According to the European Commission, personal data* includes, “any information relating to an individual, whether it relates to his or her private, professional or public life. It can be anything from a name, a home address, a photo, an email address, bank details, posts on social networking websites, medical information, or a computer’s IP address.”
- Identification information: name, telephone, physical and email address and government ID numbers
- Website data: location, IP address, cookie histories and RFID tags
- Health, mental and genetic data
- Biometric data
- Racial, cultural or ethnic data
- Political opinions
- Sexual orientation
- Tagged photos
How will GDPR Impact US Websites?
Considered data controllers, all US business websites that collect personal information will be held accountable for any data collected, processed or dispersed on an EU citizen.
If an infringement of a customers’ information occurs on a US website or a breach of security is not reported correctly, organizations could risk steep financial and legal penalties. If you don’t do anything to comply, you’re looking at potential fines of up to 4% of annual global revenue or 20 million euros ($23,714,240 U.S. dollars), whichever is greater.

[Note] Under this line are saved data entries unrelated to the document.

Lemma sdp_generated (P : int * 'cV[int]_m.+1 -> Prop) :
  P (1, 0) -> P (sdp_inv (1, 0)) ->
  (forall k, P (0, delta_mx k 0)) -> (forall k, P (sdp_inv (0, delta_mx k 0))) ->
  (forall x y, P x -> P y -> P (sdp x y)) ->
  forall x, P x.
Proof.
move=> Pt Pt' Pe Pe' PM.
have Pk (k : int) : P (k, 0).
  elim/int_ind: k => [|k IH|k IH].
  - by rewrite -(sdp_mulV (1, 0)); apply: PM.
  - have -> : (k.+1%:Z, 0 : 'cV_m.+1) = sdp (1, 0) (k%:Z, 0).
      by rewrite /sdp_mul /= mulmx0 addr0 intS.
    exact: PM.
  - have -> : (- k.+1%:Z, 0 : 'cV_m.+1) = sdp (sdp_inv (1, 0)) (- k%:Z, 0).
      by rewrite /sdp_mul /= !mulmx0 oppr0 addr0 intS opprD.
    exact: PM.
have P0v u w : P (0, u) -> P (0, w) -> P (0, u + w).
  have -> : (0%:Z, u + w) = sdp (0, u) (0, w) by rewrite /sdp_mul /= addr0 mul1mx.
  exact: PM.
have Pe_int (c : int) k : P (0, c *: delta_mx k 0).
  elim/int_ind: c => [|c IH|c IH]; first by rewrite scale0r; apply: Pk.
    by rewrite intS scalerDl scale1r; apply: P0v.
  rewrite intS opprD scalerDl scaleN1r; apply: P0v => //.
  by have := Pe' k; rewrite /sdp_inv /= oppr0 mul1mx.
have Pv v : P (0, v).
  rewrite [v]matrix_sum_delta; apply: (big_ind (fun w => P (0, w))) => [|u w|i _].
  - exact: Pk.
  - exact: P0v.
  - by rewrite big_ord1; apply: Pe_int.
case=> k v; have -> : (k, v) = sdp (0, v) (k, 0) by rewrite /sdp_mul /= add0r mulmx0 addr0.
exact: PM.
Qed.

Steps to Ensure GDPR Compliance for US Websites
As you can imagine, compliance will be difficult for small (even large) U.S. businesses who operate websites and may receive web visits from European residents.
GDPR requires companies that collect personal data on their websites to first ask for consent.
For example, let’s say you run an advertisement promoting a white paper. But in order for users to access your piece of content, you ask them to complete a form with their name and email address.
What can be done with this captured data?
In a business to business (B2B) scenario, you can use the email to send the white paper, however, you must give the recipients the option to opt-out of future emails, include a privacy notice on how their data will be processed and link to your GDPR compliant privacy policy as well.
You no longer have the right to keep their details on your US website since the “transaction” has been fulfilled by sending them the white paper. Unless you make some changes…
Thankfully we have some tips to help you get in compliance with GDPR in 2021:
- Edit all forms by asking for their company name and adding a description of what the user is signing up for
- Ensure all forms and other data collection methods on websites are explicitly opt-in (note, a tick-box must not be pre-ticked)
- Make it easy for users to opt-out or unsubscribe
- Add a cookie alert banner
- Update privacy policy/ terms and conditions to reference GDPR terminology
If you already have a form that has a pre-ticked box, you’ll need to update that before May 25 to reflect the above.
Now, what about all that personal information that’s already stored within US. websites?
By law, organizations are not allowed to market to anyone on that list who did not explicitly agree to be marketed to. So, before May 25, send all of your contacts an email with a form asking them to re-consent to receiving your newsletter and product or service offerings.
GDPR Updates for 2021
In the three years since GDPR went into effect, the law has only gotten stronger. Nearly all of the EU’s member states have fully implemented GDPR.
The definition of “joint controller” was recently updated. The role of joint controller often comes into play when agencies are managing other companies’ social media accounts or displaying social media plugins on their websites. In situations where two or more entities are responsible for the collection of consumer data, both of those entities (joint controllers) can now be held responsible in the event of non-compliance.
Another major development occurred in May 2020, when the EU updated its GDPR guidance to clarify a number of points on cookie consent. Specifically, it was clarified that cookie walls should not be used, and scrolling or swiping from website content doesn’t equal implied consent.
Facebook Compliance with GDPR
As a Facebook advertiser, GDPR has changed the rules for collecting, processing, and storing data on EU individuals. Additionally, those using Facebook pixels on a website and/or custom audiences are also liable to comply with GDPR regulations.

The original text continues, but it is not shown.